On January 6, 2011, the Internal Revenue Service (IRS) and U.S. Department of the Treasury issued proposed regulations expanding and clarifying the meaning of “traded on an established market,” or “publicly traded,” for purposes of determining the issue price of a debt instrument. Whether or not debt is publicly traded can have a significant impact on the tax treatment of debt exchanges and modifications, in particular whether the issuer is required to recognize discharge of indebtedness income. While the proposed regulations are not effective until final, clients contemplating debt restructurings should consider whether the debt would be treated as publicly traded under the current or proposed regulations.
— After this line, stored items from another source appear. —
Lemma connect_lift (S S' : finType) (r : rel S) (r' : rel S') (h : S' -> S)
    (P : pred S) :
  (forall s, P s -> exists s', h s' = s) ->
  (forall x y, P (h x) -> P (h y) -> (h x == h y) || r (h x) (h y) ->
     connect r' x y) ->
  forall x y, P (h x) -> connect (restrict r P) (h x) (h y) -> connect r' x y.
Proof.
move=> h_onto lift_step x y Px /connectP[p]; elim: p x Px => [|s p IH] x Px /=.
  by move=> _ hyx; apply: lift_step; rewrite ?hyx ?eqxx.
case/andP=> /and3P[rxs _ Ps] ps hy; have [s' hs'] := h_onto s Ps; subst s.
by apply: connect_trans (lift_step x s' Px Ps _) (IH s' Ps ps hy); rewrite rxs orbT.
Qed.

Lemma connect_path_interval m (Q : pred 'I_m) (i j : 'I_m) :
  i <= j -> (forall k : 'I_m, i <= k <= j -> Q k) ->
  connect (restrict (@path_rel m) Q) i j.
Proof.
move: {2}(j - i) (erefl (j - i)) => d; elim: d j => [|d IH] j dji lij Q_ij.
  by apply: eq_connect0; apply/val_inj => /=; lia.
have j'_lt : j.-1 < m by have := ltn_ord j; lia.
pose j' := Ordinal j'_lt.
apply: (connect_trans (y := j')).
  apply: IH => /=; try lia.
  by move=> k /andP[ik kj']; apply: Q_ij; rewrite ik /= (leq_trans kj') //; lia.
apply: connect1; rewrite /restrict /path_rel /= !Q_ij //= ?leqnn; lia.
Qed.

Section PathBlowup.
Variables (n M : nat).

Lemma div_ord_subproof (i : 'I_(n * M)) : i %/ M < n.
Proof.
case: M i => [|M'] [i /= i_lt]; first by rewrite muln0 in i_lt.
by rewrite ltn_divLR.
Qed.

(* Node [i] of the path on ['I_(n * M)] is the copy number [i %% M] of node
   [i %/ M] of the path on ['I_n]. *)
Definition div_ord (i : 'I_(n * M)) : 'I_n := Ordinal (div_ord_subproof i).

Lemma connect_path_div (P : pred 'I_n) (x y : 'I_(n * M)) :
  P (div_ord x) -> connect (restrict (@path_rel n) P) (div_ord x) (div_ord y) ->
  connect (restrict (@path_rel (n * M)) (fun i => P (div_ord i))) x y.
Proof.
have M_gt0 : 0 < M by case: M x => [|//] [x /=]; rewrite muln0.
set R := restrict (@path_rel (n * M)) _.
have interval_conn (i j : 'I_(n * M)) : i <= j -> P (div_ord i) -> P (div_ord j) ->
    div_ord j <= (div_ord i).+1 -> connect R i j.
  move=> lij Pi Pj near_ij; apply: connect_path_interval lij _ => k /andP[ik kj].
  have ik' : div_ord i <= div_ord k by apply: leq_div2r.
  have kj' : div_ord k <= div_ord j by apply: leq_div2r.
  have [->//|ne_ki] := eqVneq (div_ord k) (div_ord i).
  suff -> : div_ord k = div_ord j by [].
  apply/val_inj/eqP; move: ne_ki ik' kj' near_ij; rewrite -val_eqE /=.
  move: (i %/ M) (j %/ M) (k %/ M) => a b c; lia.
apply: connect_lift => [s _ | i j Pi Pj near_ij].
  have s_lt : s * M < n * M by rewrite ltn_mul2r M_gt0 ltn_ord.
  by exists (Ordinal s_lt); apply/val_inj; rewrite /= mulnK.
have [near1 near2] : div_ord j <= (div_ord i).+1 /\ div_ord i <= (div_ord j).+1.
  by case/orP: near_ij => [/eqP->|/orP[]/eqP]; lia.
have [lij|lji] := leqP i j; first exact: interval_conn.
rewrite (sym_connect_sym (restrict_sym _ (@path_rel_sym _))).
exact: interval_conn (ltnW lji) Pj Pi near2.
Qed.
Lemma rel_space_expansion rels rz P basis cert :
  models rels rz -> all3 (fun c i j => all (valid_term (size rels)) (cert c i j)) ->
  expandsZ rz P basis cert ->
  forall c i j : 'I_3,
    unitF3 k c i j - \sum_(b <- intBasis P basis) b.2 c i j *: b.1 \in rel_space rels.
Proof.
move=> rels_rz /all3P cert_valid /all3P expands c i j.
suff -> : unitF3 k c i j - \sum_(b <- intBasis P basis) b.2 c i j *: b.1
          = intF3 k (combZ rz (cert c i j)).
  exact: mem_comb rels_rz (cert_valid c i j).
apply/ffunP => c'; apply/matrixP => i' j'.
rewrite intF3E; move/all3P/(_ c' i' j')/eqP: (expands c i j) <-.
rewrite intF3_unit !ffunE !mxE sum_ffunE summxE big_map intrB sumZE rmorph_sum.
by congr (_ - _); apply: eq_bigr => b _; rewrite /= !ffunE !mxE intrM.
Qed.

End Models.

Definition tCTZ (i j : nat) : int :=
  if (((i == 0) && (j == 1)) || ((i == 1) && (j == 0)) || ((i == 2) && (j == 2)))%N
  then 1 else 0.
Definition tPLZ (i j : nat) : int := - tCTZ j i.

Definition comtriasZ : relZ := fun r x y z =>
  let star := rowZ 0 in let bullet := rowZ 2 in
  match r with
  | 0 => nodeZ tCTZ star star x y z \- nodeRZ tCTZ star star x y z
  | 1 => nodeRZ tCTZ star star x y z \- nodeRZ tCTZ star star x z y
  | 2 => nodeZ tCTZ bullet bullet x y z \- nodeRZ tCTZ bullet bullet x y z
  | 3 => nodeRZ tCTZ star bullet x y z \- nodeRZ tCTZ star star x y z
  | 4 => nodeZ tCTZ star bullet x y z \- nodeRZ tCTZ bullet star x y z
  | _ => fun _ _ _ => 0
  end.

Definition postlieZ : relZ := fun r x y z =>
  let circ := rowZ 0 in let brk := rowZ 2 in
  match r with
  | 0 => nodeZ tPLZ brk brk x y z \+ nodeZ tPLZ brk brk y z x \+ nodeZ tPLZ brk brk z x y
  | 1 => nodeZ tPLZ circ circ x y z \- nodeRZ tPLZ circ circ x y z
         \- nodeZ tPLZ circ circ x z y \+ nodeRZ tPLZ circ circ x z y
         \- nodeRZ tPLZ circ brk x y z
  | 2 => nodeZ tPLZ circ brk x y z \- nodeZ tPLZ brk circ x z y
         \- nodeRZ tPLZ brk circ x y z
  | _ => fun _ _ _ => 0
  end.

Section ConcreteModels.
Variable k : fieldType.
Lemma expectZ (A : Type) (d : seq (R * A)) (c : R) (f : A -> R) :
  expect d (fun a => c * f a) = c * expect d f.
Proof. by rewrite /expect big_distrr; apply: eq_bigr => x _; rewrite mulrCA. Qed.

Lemma expect_cst (A : Type) (d : seq (R * A)) (c : R) :
  expect d (fun _ => c) = c * expect d (fun _ => 1).
Proof. by rewrite -expectZ; under [RHS]eq_bigr do rewrite mulr1. Qed.

Lemma expect_sum (A I : Type) (r : seq I) (P : pred I) (d : seq (R * A))
    (F : I -> A -> R) :
  expect d (fun a => \sum_(i <- r | P i) F i a) = \sum_(i <- r | P i) expect d (F i).
Proof. by rewrite /expect exchange_big; apply: eq_bigr => x _; rewrite mulr_sumr. Qed.

Lemma eq_expect (A : Type) (d : seq (R * A)) (f g : A -> R) :
  f =1 g -> expect d f = expect d g.
Proof. by move=> fg; apply: eq_bigr => x _; rewrite fg. Qed.

Lemma eq_expect_in (A : eqType) (d : seq (R * A)) (f g : A -> R) :
  (forall x, x \in d -> f x.2 = g x.2) -> expect d f = expect d g.
Proof.
move=> fg; rewrite /expect big_seq_cond [RHS]big_seq_cond.
by apply: eq_bigr => x /andP[xd _]; rewrite fg.
Qed.

Lemma mem_dbind (A B : eqType) (d : seq (R * A)) (f : A -> seq (R * B)) x :
  x \in dbind d f ->
  exists2 a, a \in d & exists2 q, q \in f a.2 & x = (a.1 * q.1, q.2).
Proof. by case/flattenP=> s /mapP[a ad ->] /mapP[q qf ->]; exists a => //; exists q. Qed.

End Expectation.

Lemma subsetU1_notin (T : finType) (x : T) (A B : {set T}) :
  x \notin A -> (A \subset x |: B) = (A \subset B).
Proof.
move=> xA; have AxA : A :\ x = A by apply/setDidPl; rewrite disjoint_sym disjoints1.
by rewrite -subDset AxA.
Qed.
Lemma is_solution_unique (S1 S2 : R -> R) : is_solution l S0 S1 -> is_solution l S0 S2 ->
  forall t, 0 <= t -> S1 t = S2 t.
Proof.
  intros H1 H2 t Ht.
  destruct (Req_dec t 0) as [->|Ht0]; [now rewrite (proj1 H1), (proj1 H2)|].
  destruct (is_solution_bounded S1 H1 t ltac:(lra)) as [B1 HB1].
  destruct (is_solution_bounded S2 H2 t ltac:(lra)) as [B2 HB2].
  set (K := Rmax (Rmax B1 B2) 1).
  assert (HK : 0 < K) by (unfold K; pose proof (Rmax_r (Rmax B1 B2) 1); lra).
  destruct (A_locally_lipschitz l hl K HK) as [L [HL Hlip]].
  destruct (is_solution_right_bound S1 H1) as [d1 [Hd1 Hr1]].
  destruct (is_solution_right_bound S2 H2) as [d2 [Hd2 Hr2]].
  set (C := Rabs (A_ l S0) + 1) in *.
  assert (Hmono := sq_dist_exp_nonincr (A_ l) S1 S2 L K t Hlip
                     (proj1 (proj2 (proj2 H1))) (proj1 (proj2 (proj2 H2)))).
  assert (Hw : (S1 t - S2 t) ^ 2 * exp (- (2 * L * t)) <= 0).
  { apply (le_0_of_le_small _ (4 * C ^ 2) (Rmin (Rmin d1 d2) (Rmin t 1))).
    { repeat apply Rmin_pos; lra. }
    intros e He.
    pose proof (Rmin_l (Rmin d1 d2) (Rmin t 1)); pose proof (Rmin_r (Rmin d1 d2) (Rmin t 1)).
    pose proof (Rmin_l d1 d2); pose proof (Rmin_r d1 d2); pose proof (Rmin_l t 1); pose proof (Rmin_r t 1).
    apply Rle_trans with ((S1 e - S2 e) ^ 2 * exp (- (2 * L * e))); [apply Hmono; [|lra]|].
    { intros s Hs; unfold K; pose proof (HB1 s ltac:(lra)); pose proof (HB2 s ltac:(lra)).
      pose proof (Rmax_l B1 B2); pose proof (Rmax_r B1 B2); pose proof (Rmax_l (Rmax B1 B2) 1); lra. }
    assert (Hd : Rabs (S1 e - S2 e) <= 2 * C * e).
    { pose proof (Hr1 e ltac:(lra)); pose proof (Hr2 e ltac:(lra)).
      replace (S1 e - S2 e) with ((S1 e - S0) - (S2 e - S0)) by ring.
      eapply Rle_trans; [apply Rabs_triang|]; rewrite Rabs_Ropp; lra. }
    assert (Hsq : (S1 e - S2 e) ^ 2 <= (2 * C * e) ^ 2).
    { rewrite <- (pow2_abs (S1 e - S2 e)); apply pow_incr; split; [apply Rabs_pos | exact Hd]. }
    assert (Hexp : exp (- (2 * L * e)) <= 1) by (rewrite <- exp_0; apply exp_le_exp; nra).
    pose proof (exp_pos (- (2 * L * e))); pose proof (pow2_ge_0 (S1 e - S2 e)).
    apply Rle_trans with ((S1 e - S2 e) ^ 2); [nra|].
    apply Rle_trans with ((2 * C * e) ^ 2); [exact Hsq | nra]. }
  pose proof (exp_pos (- (2 * L * t))); pose proof (pow2_ge_0 (S1 t - S2 t)).
  apply Rminus_diag_uniq, Rsqr_0_uniq; unfold Rsqr; nra.
Qed.
(* Let $A_1,\dots,A_n\subseteq\mathbb Z^n$ be finite, $M=(\mathbb C\setminus\{0\})^n$, and let $\mathscr F_i$ be the space of Laurent polynomials $\sum_{\mathbf a\in A_i}f_{\mathbf a}\mathbf z^{\mathbf a}$ with inner product $\langle\sum f_{\mathbf a}\mathbf z^{\mathbf a},\sum g_{\mathbf a}\mathbf z^{\mathbf a}\rangle=\sum_{\mathbf a\in A_i}f_{\mathbf a}\overline{g_{\mathbf a}}$. Let $\lambda_1,\dots,\lambda_n$ be positive integers, $\mathscr G=\mathscr F_1^{\lambda_1}\cdots\mathscr F_n^{\lambda_n}$ and $B=\lambda_1A_1+\cdots+\lambda_nA_n$ (Minkowski sum). For $\mathbf b\in B$ let $c_{\mathbf b}$ be the number of ordered tuples $(\mathbf a_{11},\dots,\mathbf a_{1\lambda_1},\dots,\mathbf a_{n1},\dots,\mathbf a_{n\lambda_n})$ with $\mathbf a_{ij}\in A_i$ and $\sum_{i,j}\mathbf a_{ij}=\mathbf b$. Then $\mathscr G$ is the space of Laurent polynomials $\sum_{\mathbf b\in B}f_{\mathbf b}\mathbf z^{\mathbf b}$ with inner product \[\Big\langle\sum_{\mathbf b\in B}f_{\mathbf b}\mathbf z^{\mathbf b},\sum_{\mathbf b\in B}g_{\mathbf b}\mathbf z^{\mathbf b}\Big\rangle_{\mathscr G}=\sum_{\mathbf b\in B}\frac{f_{\mathbf b}\overline{g_{\mathbf b}}}{c_{\mathbf b}}.\]
   Context: A fewspace on a complex manifold $M$ is a complex Hilbert space of holomorphic functions $M\to\mathbb C$ on which every evaluation $f\mapsto f(\mathbf x)$ is a continuous, nonzero linear functional. Product of fewspaces: regard the Hilbert tensor product $\mathscr E\otimes\mathscr F$ as functions on $M\times M$ via $(e\otimes f)(\mathbf x_1,\mathbf x_2)=e(\mathbf x_1)f(\mathbf x_2)$, let $\Delta(h)(\mathbf x)=h(\mathbf x,\mathbf x)$; $\mathscr E\mathscr F=\Delta(\mathscr E\otimes\mathscr F)$ with norm $\|g\|=\min\{\|h\|:\Delta(h)=g\}$; $\mathscr F^\lambda$ is the $\lambda$-fold product. *)

(* Finite-dimensional model of the fewspaces in the statement:
   Laurent polynomials are represented by their coefficient functions
   'rV[int]_n -> C, supported on a finite exponent set. *)
From HB Require Import structures.
From mathcomp Require Import all_boot all_order all_algebra.
Set Implicit Arguments. Unset Strict Implicit. Unset Printing Implicit Defensive.
Import Order.TTheory GRing.Theory Num.Theory.
Local Open Scope ring_scope.

Section Defs.
Variables (C : numClosedFieldType) (n : nat).
Local Notation X := 'rV[int]_n.

Record lspace := LSpace { supp : seq X ; ip : (X -> C) -> (X -> C) -> C }.

Definition supported (A : seq X) (f : X -> C) : Prop :=
  forall x, x \notin A -> f x = 0.

Definition delta (a : X) : X -> C := fun x => (x == a)%:R.

(* Hilbert tensor product E (x) F: elements h = sum h a b z^a (x) z^b;
   inner product induced from those of E and F. *)
Definition tsupported (E F : lspace) (h : X -> X -> C) : Prop :=
  forall a b, (a \notin supp E) || (b \notin supp F) -> h a b = 0.

Definition tensor_ip (E F : lspace) (h h' : X -> X -> C) : C :=
  \sum_(a <- undup (supp E)) \sum_(a' <- undup (supp E))
   \sum_(b <- undup (supp F)) \sum_(b' <- undup (supp F))
     h a b * (h' a' b')^* * ip E (delta a) (delta a') * ip F (delta b) (delta b').

(* Delta(h)(x) = h(x,x): on monomials z^a (x) z^b |-> z^(a+b). *)
Definition diag (E F : lspace) (h : X -> X -> C) : X -> C :=
  fun c => \sum_(a <- undup (supp E)) \sum_(b <- undup (supp F))
             (a + b == c)%:R * h a b.

Definition sumset (E F : lspace) : seq X := [seq a + b | a <- supp E, b <- supp F].

Definition is_sesq (P : lspace) : Prop :=
  (forall f1 f2 g (k : C), supported (supp P) f1 -> supported (supp P) f2 ->
     supported (supp P) g ->
     ip P (fun x => k * f1 x + f2 x) g = k * ip P f1 g + ip P f2 g) /\
  (forall f g, supported (supp P) f -> supported (supp P) g ->
     ip P g f = (ip P f g)^*).

Definition is_min_norm (E F : lspace) (g : X -> C) (r : C) : Prop :=
  (exists2 h, tsupported E F h &
     (forall x, diag E F h x = g x) /\ tensor_ip E F h h = r) /\
  (forall h, tsupported E F h -> (forall x, diag E F h x = g x) ->
     r <= tensor_ip E F h h).

Definition is_product (E F P : lspace) : Prop :=
  supp P =i sumset E F /\ is_sesq P /\
  forall g, supported (supp P) g -> is_min_norm E F g (ip P g g).

Definition space_eq (P Q : lspace) : Prop :=
  supp P =i supp Q /\
  forall f g, supported (supp P) f -> supported (supp P) g -> ip P f g = ip Q f g.

Definition unit_space : lspace := LSpace [:: 0] (fun f g => f 0 * (g 0)^*).

Fixpoint is_mprod (l : seq lspace) (P : lspace) : Prop :=
  match l with
  | [::] => space_eq P unit_space
  | E :: l' =>
      match l' with
      | [::] => space_eq P E
      | _ => exists Q, is_mprod l' Q /\ is_product E Q P
      end
  end.

Definition is_power (F : lspace) (lam : nat) (P : lspace) : Prop :=
  is_mprod (nseq lam F) P.

Definition laurent_space (A : seq X) : lspace :=
  LSpace A (fun f g => \sum_(a <- undup A) f a * (g a)^*).

Definition sum_tuples (l : seq (seq X)) : seq X :=
  foldr (fun A acc => [seq a + s | a <- undup A, s <- acc]) [:: 0] l.

Definition tuple_sums (A : 'I_n -> seq X) (lam : 'I_n -> nat) : seq X :=
  sum_tuples (flatten [seq nseq (lam i) (A i) | i <- enum 'I_n]).

Definition Bset A lam : seq X := undup (tuple_sums A lam).

Definition cnt A lam (b : X) : nat := count_mem b (tuple_sums A lam).

Definition G_formula A lam : lspace :=
  LSpace (Bset A lam)
    (fun f g => \sum_(b <- Bset A lam) f b * (g b)^* / (cnt A lam b)%:R).

Definition is_G (A : 'I_n -> seq X) (lam : 'I_n -> nat) (P : lspace) : Prop :=
  exists Ps : 'I_n -> lspace,
    (forall i, is_power (laurent_space (A i)) (lam i) (Ps i)) /\
    is_mprod [seq Ps i | i <- enum 'I_n] P.

End Defs.

From HB Require Import structures.
From mathcomp Require Import all_boot all_order all_algebra ring.
Set Implicit Arguments. Unset Strict Implicit. Unset Printing Implicit Defensive.
Import Order.TTheory GRing.Theory Num.Theory.
Local Open Scope ring_scope.
(* Let $\{1\}\to F\xrightarrow{\iota}G\xrightarrow{\pi}H\to\{1\}$ be a split exact sequence of groups with splitting $\sigma:H\to G$, and let $\Theta:H\to\mathrm{Aut}(F)$, $\Theta_h(x)=\iota^{-1}(\sigma(h)\iota(x)\sigma(h)^{-1})$. Then: (a) the composition $\Phi:\mathbf{k}F\otimes\mathbf{k}H\xrightarrow{\mathbf{k}\iota\otimes\mathbf{k}\sigma}\mathbf{k}G\otimes\mathbf{k}G\xrightarrow{\text{mult}}\mathbf{k}G$ is an isomorphism of left $\mathbf{k}F$-modules; (b) if $\Theta_h^{\mathrm{ab}}=\mathrm{id}_{F^{\mathrm{ab}}}$ for every $h\in H$, then for every $n\ge0$, $\Phi$ restricts to an isomorphism of left $\mathbf{k}F$-modules $\sum_{a+b=n}I_F^a\otimes I_H^b\xrightarrow{\sim}I_G^n$ (sum over $a,b\ge0$, inside $\mathbf{k}F\otimes\mathbf{k}H$).
   Context: $\mathbf{k}$ is a commutative $\mathbb{Q}$-algebra. For a group $G$, $\mathbf{k}G$ is its group algebra, $I_G$ its augmentation ideal (spanned by $g-1$), $I_G^0=\mathbf{k}G$. $\Theta_h^{\mathrm{ab}}$ is the automorphism of the abelianization $F^{\mathrm{ab}}$ induced by $\Theta_h$. *)

From HB Require Import structures.
From mathcomp Require Import all_boot all_order all_algebra.
From mathcomp Require Import finmap.
From mathcomp Require Import monalg.

Set Implicit Arguments.
Unset Strict Implicit.
Unset Printing Implicit Defensive.

Import GRing.Theory.
Local Open Scope ring_scope.

Definition is_Qalgebra (k : comUnitRingType) : Prop :=
  forall n : nat, (n.+1)%:R \is a @GRing.unit k.
Lemma pext_nonempty_chain_ub : exists q, forall p, C p -> pext_le p q.
Proof.
exists (exist _ _ partial_extension_union) => p Cp.
by apply/asboolP; split=> [x px|x px]; [exists p | apply: umapE].
Qed.

End ChainUnion.

Lemma pext_chain_ub (C : set pext) : total_on C pext_le ->
  exists q, forall p, C p -> pext_le p q.
Proof.
move=> C_total; case: (pselect (exists p, C p)) => [[p0 Cp0]|none].
  exact: pext_nonempty_chain_ub C_total Cp0.
by exists (exist _ _ partial_extension_image) => p Cp; case: none; exists p.
Qed.

Section OneStepExtension.
Variables (p : pext) (b : B) (m : M).
Hypothesis bm : forall r, pdom p (r *: b) -> pmap p (r *: b) = r *: m.

Let p_ext : partial_extension (sval p). Proof. by case: p. Qed.

Let dom1 (x : B) := exists cr : B * R, pdom p cr.1 /\ x = cr.1 + cr.2 *: b.
Let map1 (x : B) : M :=
  if pselect (dom1 x) is left e
  then pmap p (sval (cid e)).1 + (sval (cid e)).2 *: m else 0.

Let pmapB c c' : pdom p c -> pdom p c' -> pmap p (c' - c) = pmap p c' - pmap p c.
Proof.
have [sub _ _ hD _] := p_ext => pc pc'.
have := hD _ _ (submoduleB sub pc' pc) pc.
by rewrite subrK /pmap => ->; rewrite addrK.
Qed.

(* The value on [c + r b] does not depend on the decomposition: two decompositions
   differ by [(r - r') b = c' - c], on which [pmap p] is already [(r - r') m]. *)
Let map1E c r : pdom p c -> map1 (c + r *: b) = pmap p c + r *: m.
Proof.
move=> pc; rewrite /map1; case: pselect => [e|[]]; last by exists (c, r).
case: cid => [[c' r']] /= [pc' e'].
have [sub _ _ _ _] := p_ext.
have eb : (r - r') *: b = c' - c.
  by rewrite scalerBl -[r *: b](addKr c) e' addrA addrK addrC.
have -> : pmap p c' = (r - r') *: m + pmap p c.
  by rewrite -bm eb ?pmapB ?subrK //; apply: submoduleB.
by rewrite scalerBl addrAC subrK addrC.
Qed.

Let partial_extension_step : partial_extension (dom1, map1).
Proof.
have [[p0 pD pZ] pf pg hD hZ] := p_ext.
split=> /=.
- split.
  + by exists (0, 0); split=> //=; rewrite scale0r addr0.
  + move=> x y [[c r] /= [pc ->]] [[c2 r2] /= [pc2 ->]].
    by exists (c + c2, r + r2); split; [apply: pD | rewrite /= scalerDl addrACA].
  + move=> a x [[c r] /= [pc ->]]; exists (a *: c, a * r).
    by split; [apply: pZ | rewrite /= scalerDr scalerA].
- by move=> a; exists (f a, 0); split=> /=; [apply: pf | rewrite scale0r addr0].
- move=> a; rewrite -[f a]addr0 -(scale0r b) map1E; last exact: pf.
  by rewrite scale0r addr0; apply: pg.
- move=> x y [[c r] /= [pc ->]] [[c2 r2] /= [pc2 ->]].
  rewrite addrACA -scalerDl !map1E //; last exact: pD.
  by rewrite /pmap hD // scalerDl addrACA.
- move=> a x [[c r] /= [pc ->]].
  rewrite scalerDr scalerA !map1E //; last exact: pZ.
  by rewrite /pmap hZ // scalerDr scalerA.
Qed.

Lemma pext_step : exists q, pext_le p q /\ pdom q b.
Proof.
exists (exist _ _ partial_extension_step); split; last first.
  by exists (0, 1); split=> /=; [case: p_ext => [[]] | rewrite scale1r add0r].
apply/asboolP; split=> x px; first by exists (x, 0); split=> //=; rewrite scale0r addr0.
by rewrite /pmap /= -{1}[x]addr0 -(scale0r b) map1E // scale0r addr0.
Qed.

End OneStepExtension.

Lemma baer_extension : baer_condition M ->
  exists h : {linear B -> M}, forall a, h (f a) = g a.
Proof.
move=> baerM.
have [p pmax] := ZL_preorder (exist _ _ partial_extension_image) pext_le_refl
  pext_le_trans pext_chain_ub.
have [[p0 pD pZ] pf pg hD hZ] := svalP p.
have pdom_full b : pdom p b.
  apply: contrapT => notpb; pose I r := pdom p (r *: b).
  have hI : left_ideal I.
    split; [split=> [|x y Ix Iy] | move=> r x Ix]; rewrite /I.
    - by rewrite scale0r.
    - by rewrite scalerBl; apply: submoduleB.
    - by rewrite -scalerA; apply: pZ.
  have [m bm] : exists m, forall x, I x -> pmap p (x *: b) = x *: m.
    apply: (baerM I (fun r => pmap p (r *: b)) hI).
      by move=> x y Ix Iy; rewrite scalerDl /pmap hD.
    by move=> r x Ix; rewrite -scalerA /pmap hZ.
  have [q [pq qb]] := pext_step bm.
  by have /asboolP [qp _] := pmax q pq; apply/notpb/qp.
have lin a x y : pmap p (a *: x + y) = a *: pmap p x + pmap p y.
  by rewrite /pmap hD ?hZ //; apply: pdom_full.
pose h : {linear B -> M} :=
  HB.pack (pmap p) (GRing.isLinear.Build R B M *:%R (pmap p) lin).
by exists h; apply: pg.
Qed.

End BaerCriterion.

Lemma baer_criterion (R : nzRingType) (M : lmodType R) :
  baer_condition M -> injective_module M.
Proof. by move=> baerM A B f g f_inj; apply: baer_extension. Qed.

Definition von_neumann_regular (R : nzRingType) := forall x : R, exists y, x = x * y * x.

Section SimpleBaer.
Variables (R : nzRingType) (M : lmodType R).
Hypotheses (R_regular : von_neumann_regular R) (simpleM : simple_module M).
Hypothesis ann_mulr : forall (m : M) n t, n *: m = 0 -> (n * t) *: m = 0.

Lemma ann_scale_eq0 (m : M) n : m <> 0 -> n *: m = 0 -> forall z : M, n *: z = 0.
Proof.
by move=> m0 nm z; have [s ->] := simple_generator simpleM m0 z; rewrite scalerA ann_mulr.
Qed.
Significance of Public Trading
When a debt instrument is issued in exchange for property, such as a debt-for-debt exchange in a workout, the issue price of the debt instrument under Section 1273(b)(3) is its fair market value if either the existing debt or the new debt is publicly traded. A debt-for debt exchange also may be deemed to occur for U.S. federal income tax purposes as a result of a significant modification of existing debt. Given the declining fortunes of the issuer in the workout context, it often will be the case that the issue price of the new or modified debt instrument, if required to be determined based on public trading, will be less than the adjusted issue price of the existing debt. As a consequence, the issuer generally will recognize cancellation of debt income, and the new/modified debt will have original issue discount, which must be accounted for by both the issuer and the holder. These income tax consequences havebeen exacerbated by the recent turmoil in the capital markets, and temporary relief provided by the Internal Revenue Code expired on December 31, 2010.